**PROVIDED RECORDS**
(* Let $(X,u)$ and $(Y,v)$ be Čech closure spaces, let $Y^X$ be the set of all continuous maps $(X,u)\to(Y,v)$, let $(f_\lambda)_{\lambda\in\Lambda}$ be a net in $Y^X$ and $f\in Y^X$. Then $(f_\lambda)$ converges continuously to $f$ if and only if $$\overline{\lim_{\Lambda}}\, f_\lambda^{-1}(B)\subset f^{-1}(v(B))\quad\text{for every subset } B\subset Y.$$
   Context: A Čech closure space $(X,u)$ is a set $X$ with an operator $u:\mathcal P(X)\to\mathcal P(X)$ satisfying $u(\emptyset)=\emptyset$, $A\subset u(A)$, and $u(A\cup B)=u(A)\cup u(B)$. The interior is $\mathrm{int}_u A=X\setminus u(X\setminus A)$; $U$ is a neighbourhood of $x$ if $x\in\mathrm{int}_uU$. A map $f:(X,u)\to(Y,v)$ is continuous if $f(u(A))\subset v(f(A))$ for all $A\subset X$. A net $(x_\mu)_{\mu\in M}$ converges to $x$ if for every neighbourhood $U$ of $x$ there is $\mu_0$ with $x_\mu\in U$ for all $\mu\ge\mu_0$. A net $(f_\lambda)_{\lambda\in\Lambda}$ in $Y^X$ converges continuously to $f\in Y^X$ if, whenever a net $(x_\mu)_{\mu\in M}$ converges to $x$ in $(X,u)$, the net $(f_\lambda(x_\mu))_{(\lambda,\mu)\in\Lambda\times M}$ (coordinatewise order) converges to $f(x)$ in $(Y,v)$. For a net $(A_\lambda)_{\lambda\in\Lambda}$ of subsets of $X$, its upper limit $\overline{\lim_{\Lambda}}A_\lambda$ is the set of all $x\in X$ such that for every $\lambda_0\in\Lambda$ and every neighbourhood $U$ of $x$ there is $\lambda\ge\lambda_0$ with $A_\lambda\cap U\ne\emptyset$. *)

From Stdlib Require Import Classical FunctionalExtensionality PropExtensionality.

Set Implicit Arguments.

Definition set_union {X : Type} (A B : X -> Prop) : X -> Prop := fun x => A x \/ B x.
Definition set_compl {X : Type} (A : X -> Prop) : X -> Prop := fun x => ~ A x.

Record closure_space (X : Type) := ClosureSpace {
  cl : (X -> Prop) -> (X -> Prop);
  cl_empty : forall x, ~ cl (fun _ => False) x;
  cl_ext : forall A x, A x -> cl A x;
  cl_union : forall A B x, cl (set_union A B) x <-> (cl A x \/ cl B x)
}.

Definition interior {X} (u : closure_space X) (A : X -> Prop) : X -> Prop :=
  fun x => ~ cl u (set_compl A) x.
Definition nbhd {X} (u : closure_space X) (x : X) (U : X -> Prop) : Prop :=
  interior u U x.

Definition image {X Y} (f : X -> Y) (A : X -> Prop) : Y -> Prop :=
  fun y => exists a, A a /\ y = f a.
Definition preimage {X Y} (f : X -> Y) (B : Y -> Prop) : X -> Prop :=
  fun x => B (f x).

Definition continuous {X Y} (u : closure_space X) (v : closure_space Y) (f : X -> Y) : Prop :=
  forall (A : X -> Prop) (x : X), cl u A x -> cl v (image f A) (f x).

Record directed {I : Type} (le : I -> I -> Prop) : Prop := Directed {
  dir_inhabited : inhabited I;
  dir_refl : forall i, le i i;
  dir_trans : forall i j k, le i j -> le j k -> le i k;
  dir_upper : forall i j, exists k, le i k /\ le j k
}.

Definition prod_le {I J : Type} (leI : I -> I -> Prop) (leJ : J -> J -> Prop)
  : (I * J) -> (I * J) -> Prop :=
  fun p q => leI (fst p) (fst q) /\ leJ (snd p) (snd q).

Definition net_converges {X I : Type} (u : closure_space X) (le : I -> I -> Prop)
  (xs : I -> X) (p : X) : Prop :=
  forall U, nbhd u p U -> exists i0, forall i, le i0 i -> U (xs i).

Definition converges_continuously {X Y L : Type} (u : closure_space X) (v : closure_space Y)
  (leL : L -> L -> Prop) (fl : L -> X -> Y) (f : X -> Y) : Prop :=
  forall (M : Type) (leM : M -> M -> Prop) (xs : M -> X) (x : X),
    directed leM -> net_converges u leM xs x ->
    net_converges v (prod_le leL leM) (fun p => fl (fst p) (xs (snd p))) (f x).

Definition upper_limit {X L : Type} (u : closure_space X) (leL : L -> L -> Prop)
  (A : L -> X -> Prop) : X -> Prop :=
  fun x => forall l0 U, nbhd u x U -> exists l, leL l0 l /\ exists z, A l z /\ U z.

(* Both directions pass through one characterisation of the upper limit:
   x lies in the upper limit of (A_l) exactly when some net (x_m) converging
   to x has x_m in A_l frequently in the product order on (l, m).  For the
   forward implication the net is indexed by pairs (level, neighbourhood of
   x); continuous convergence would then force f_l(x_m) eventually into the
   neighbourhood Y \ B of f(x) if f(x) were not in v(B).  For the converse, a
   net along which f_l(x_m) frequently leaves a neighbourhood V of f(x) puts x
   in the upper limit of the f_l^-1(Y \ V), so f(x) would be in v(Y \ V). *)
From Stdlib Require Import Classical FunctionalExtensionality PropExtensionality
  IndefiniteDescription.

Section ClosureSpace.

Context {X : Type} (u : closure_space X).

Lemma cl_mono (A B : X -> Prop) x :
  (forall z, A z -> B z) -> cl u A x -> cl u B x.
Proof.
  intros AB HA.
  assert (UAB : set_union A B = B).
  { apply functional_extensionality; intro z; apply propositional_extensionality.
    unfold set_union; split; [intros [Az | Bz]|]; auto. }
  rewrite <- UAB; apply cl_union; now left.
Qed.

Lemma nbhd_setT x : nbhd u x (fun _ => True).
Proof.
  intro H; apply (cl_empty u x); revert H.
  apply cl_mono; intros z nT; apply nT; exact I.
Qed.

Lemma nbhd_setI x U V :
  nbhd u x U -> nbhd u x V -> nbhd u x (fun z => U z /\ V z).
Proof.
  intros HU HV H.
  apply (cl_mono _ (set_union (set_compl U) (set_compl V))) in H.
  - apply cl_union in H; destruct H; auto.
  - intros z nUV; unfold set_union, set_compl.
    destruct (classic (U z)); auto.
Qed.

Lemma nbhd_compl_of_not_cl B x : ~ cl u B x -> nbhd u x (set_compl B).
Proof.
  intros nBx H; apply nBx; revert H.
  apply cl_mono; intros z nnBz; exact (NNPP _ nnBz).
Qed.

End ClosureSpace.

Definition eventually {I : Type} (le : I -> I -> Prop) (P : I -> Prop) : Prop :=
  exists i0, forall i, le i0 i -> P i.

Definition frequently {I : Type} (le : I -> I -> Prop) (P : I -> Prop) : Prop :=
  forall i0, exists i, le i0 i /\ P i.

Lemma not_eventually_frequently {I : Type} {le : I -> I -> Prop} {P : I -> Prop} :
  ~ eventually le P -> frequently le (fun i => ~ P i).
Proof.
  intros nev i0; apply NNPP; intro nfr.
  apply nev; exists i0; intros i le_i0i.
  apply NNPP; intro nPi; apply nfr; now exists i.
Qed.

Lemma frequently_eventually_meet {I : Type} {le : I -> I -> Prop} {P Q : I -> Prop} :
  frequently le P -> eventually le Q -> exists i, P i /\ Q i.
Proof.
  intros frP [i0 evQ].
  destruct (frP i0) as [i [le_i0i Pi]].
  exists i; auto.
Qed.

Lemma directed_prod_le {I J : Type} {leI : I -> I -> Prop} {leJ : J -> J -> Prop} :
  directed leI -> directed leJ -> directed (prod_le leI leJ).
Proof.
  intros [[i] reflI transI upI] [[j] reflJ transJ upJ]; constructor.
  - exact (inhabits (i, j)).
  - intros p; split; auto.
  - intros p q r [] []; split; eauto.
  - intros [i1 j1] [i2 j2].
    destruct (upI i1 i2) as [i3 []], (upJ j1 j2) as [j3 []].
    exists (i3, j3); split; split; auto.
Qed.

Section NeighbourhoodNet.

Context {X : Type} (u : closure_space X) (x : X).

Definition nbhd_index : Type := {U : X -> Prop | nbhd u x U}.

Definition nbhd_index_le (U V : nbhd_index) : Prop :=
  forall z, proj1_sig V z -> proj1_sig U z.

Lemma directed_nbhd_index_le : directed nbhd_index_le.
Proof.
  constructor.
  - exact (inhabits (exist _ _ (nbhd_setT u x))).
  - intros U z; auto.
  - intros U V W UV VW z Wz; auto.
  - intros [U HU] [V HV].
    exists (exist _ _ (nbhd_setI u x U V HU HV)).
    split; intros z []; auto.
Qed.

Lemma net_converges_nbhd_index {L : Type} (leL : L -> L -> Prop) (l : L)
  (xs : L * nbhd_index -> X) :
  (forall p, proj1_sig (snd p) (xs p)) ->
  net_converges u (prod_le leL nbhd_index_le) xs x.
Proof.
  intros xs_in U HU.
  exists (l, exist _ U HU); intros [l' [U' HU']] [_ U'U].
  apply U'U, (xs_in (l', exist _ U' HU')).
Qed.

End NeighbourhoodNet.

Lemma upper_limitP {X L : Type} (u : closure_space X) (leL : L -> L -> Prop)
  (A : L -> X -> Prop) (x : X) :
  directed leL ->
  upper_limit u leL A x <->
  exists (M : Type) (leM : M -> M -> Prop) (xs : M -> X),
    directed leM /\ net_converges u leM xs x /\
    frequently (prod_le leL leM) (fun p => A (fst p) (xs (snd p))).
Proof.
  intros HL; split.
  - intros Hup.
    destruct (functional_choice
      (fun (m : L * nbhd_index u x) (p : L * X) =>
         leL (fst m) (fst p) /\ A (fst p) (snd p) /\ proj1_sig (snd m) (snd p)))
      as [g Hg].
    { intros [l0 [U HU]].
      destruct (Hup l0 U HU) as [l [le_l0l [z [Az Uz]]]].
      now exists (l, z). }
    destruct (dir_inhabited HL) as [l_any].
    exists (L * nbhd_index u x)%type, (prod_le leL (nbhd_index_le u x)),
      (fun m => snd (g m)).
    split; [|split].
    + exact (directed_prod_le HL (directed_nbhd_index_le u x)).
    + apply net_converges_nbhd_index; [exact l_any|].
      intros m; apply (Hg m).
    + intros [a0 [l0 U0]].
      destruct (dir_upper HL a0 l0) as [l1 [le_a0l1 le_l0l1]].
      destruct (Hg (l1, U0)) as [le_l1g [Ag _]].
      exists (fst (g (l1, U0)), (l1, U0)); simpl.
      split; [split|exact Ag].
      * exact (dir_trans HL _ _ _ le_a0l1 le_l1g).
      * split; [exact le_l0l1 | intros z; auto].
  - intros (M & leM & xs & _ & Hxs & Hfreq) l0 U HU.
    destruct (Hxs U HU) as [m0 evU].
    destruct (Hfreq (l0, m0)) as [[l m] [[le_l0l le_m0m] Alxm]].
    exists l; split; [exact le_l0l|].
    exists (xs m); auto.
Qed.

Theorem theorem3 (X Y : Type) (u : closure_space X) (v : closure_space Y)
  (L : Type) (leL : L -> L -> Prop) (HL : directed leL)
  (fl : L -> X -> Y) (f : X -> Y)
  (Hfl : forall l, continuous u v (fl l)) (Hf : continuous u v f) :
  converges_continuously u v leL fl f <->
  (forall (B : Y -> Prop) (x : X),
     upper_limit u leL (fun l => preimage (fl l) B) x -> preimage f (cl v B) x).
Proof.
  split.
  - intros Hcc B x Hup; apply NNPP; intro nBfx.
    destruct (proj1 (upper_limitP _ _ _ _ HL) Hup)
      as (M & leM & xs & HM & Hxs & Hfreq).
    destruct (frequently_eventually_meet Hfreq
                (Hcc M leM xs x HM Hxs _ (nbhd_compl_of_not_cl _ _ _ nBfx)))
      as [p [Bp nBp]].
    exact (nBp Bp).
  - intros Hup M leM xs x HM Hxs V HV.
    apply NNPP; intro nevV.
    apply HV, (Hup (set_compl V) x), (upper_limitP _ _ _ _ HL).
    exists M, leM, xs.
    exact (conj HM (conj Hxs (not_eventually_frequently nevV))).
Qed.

**WHAT THE TASK ASKS**
Would you please copy exactly the part of the entries above that begins at the line containing "exists (l, exist" and ends at the line containing "- intros Hcc", both lines included?

**EXERCISE RESPONSE**
  exists (l, exist _ U HU); intros [l' [U' HU']] [_ U'U].
  apply U'U, (xs_in (l', exist _ U' HU')).
Qed.

End NeighbourhoodNet.

Lemma upper_limitP {X L : Type} (u : closure_space X) (leL : L -> L -> Prop)
  (A : L -> X -> Prop) (x : X) :
  directed leL ->
  upper_limit u leL A x <->
  exists (M : Type) (leM : M -> M -> Prop) (xs : M -> X),
    directed leM /\ net_converges u leM xs x /\
    frequently (prod_le leL leM) (fun p => A (fst p) (xs (snd p))).
Proof.
  intros HL; split.
  - intros Hup.
    destruct (functional_choice
      (fun (m : L * nbhd_index u x) (p : L * X) =>
         leL (fst m) (fst p) /\ A (fst p) (snd p) /\ proj1_sig (snd m) (snd p)))
      as [g Hg].
    { intros [l0 [U HU]].
      destruct (Hup l0 U HU) as [l [le_l0l [z [Az Uz]]]].
      now exists (l, z). }
    destruct (dir_inhabited HL) as [l_any].
    exists (L * nbhd_index u x)%type, (prod_le leL (nbhd_index_le u x)),
      (fun m => snd (g m)).
    split; [|split].
    + exact (directed_prod_le HL (directed_nbhd_index_le u x)).
    + apply net_converges_nbhd_index; [exact l_any|].
      intros m; apply (Hg m).
    + intros [a0 [l0 U0]].
      destruct (dir_upper HL a0 l0) as [l1 [le_a0l1 le_l0l1]].
      destruct (Hg (l1, U0)) as [le_l1g [Ag _]].
      exists (fst (g (l1, U0)), (l1, U0)); simpl.
      split; [split|exact Ag].
      * exact (dir_trans HL _ _ _ le_a0l1 le_l1g).
      * split; [exact le_l0l1 | intros z; auto].
  - intros (M & leM & xs & _ & Hxs & Hfreq) l0 U HU.
    destruct (Hxs U HU) as [m0 evU].
    destruct (Hfreq (l0, m0)) as [[l m] [[le_l0l le_m0m] Alxm]].
    exists l; split; [exact le_l0l|].
    exists (xs m); auto.
Qed.

Theorem theorem3 (X Y : Type) (u : closure_space X) (v : closure_space Y)
  (L : Type) (leL : L -> L -> Prop) (HL : directed leL)
  (fl : L -> X -> Y) (f : X -> Y)
  (Hfl : forall l, continuous u v (fl l)) (Hf : continuous u v f) :
  converges_continuously u v leL fl f <->
  (forall (B : Y -> Prop) (x : X),
     upper_limit u leL (fun l => preimage (fl l) B) x -> preimage f (cl v B) x).
Proof.
  split.
  - intros Hcc B x Hup; apply NNPP; intro nBfx.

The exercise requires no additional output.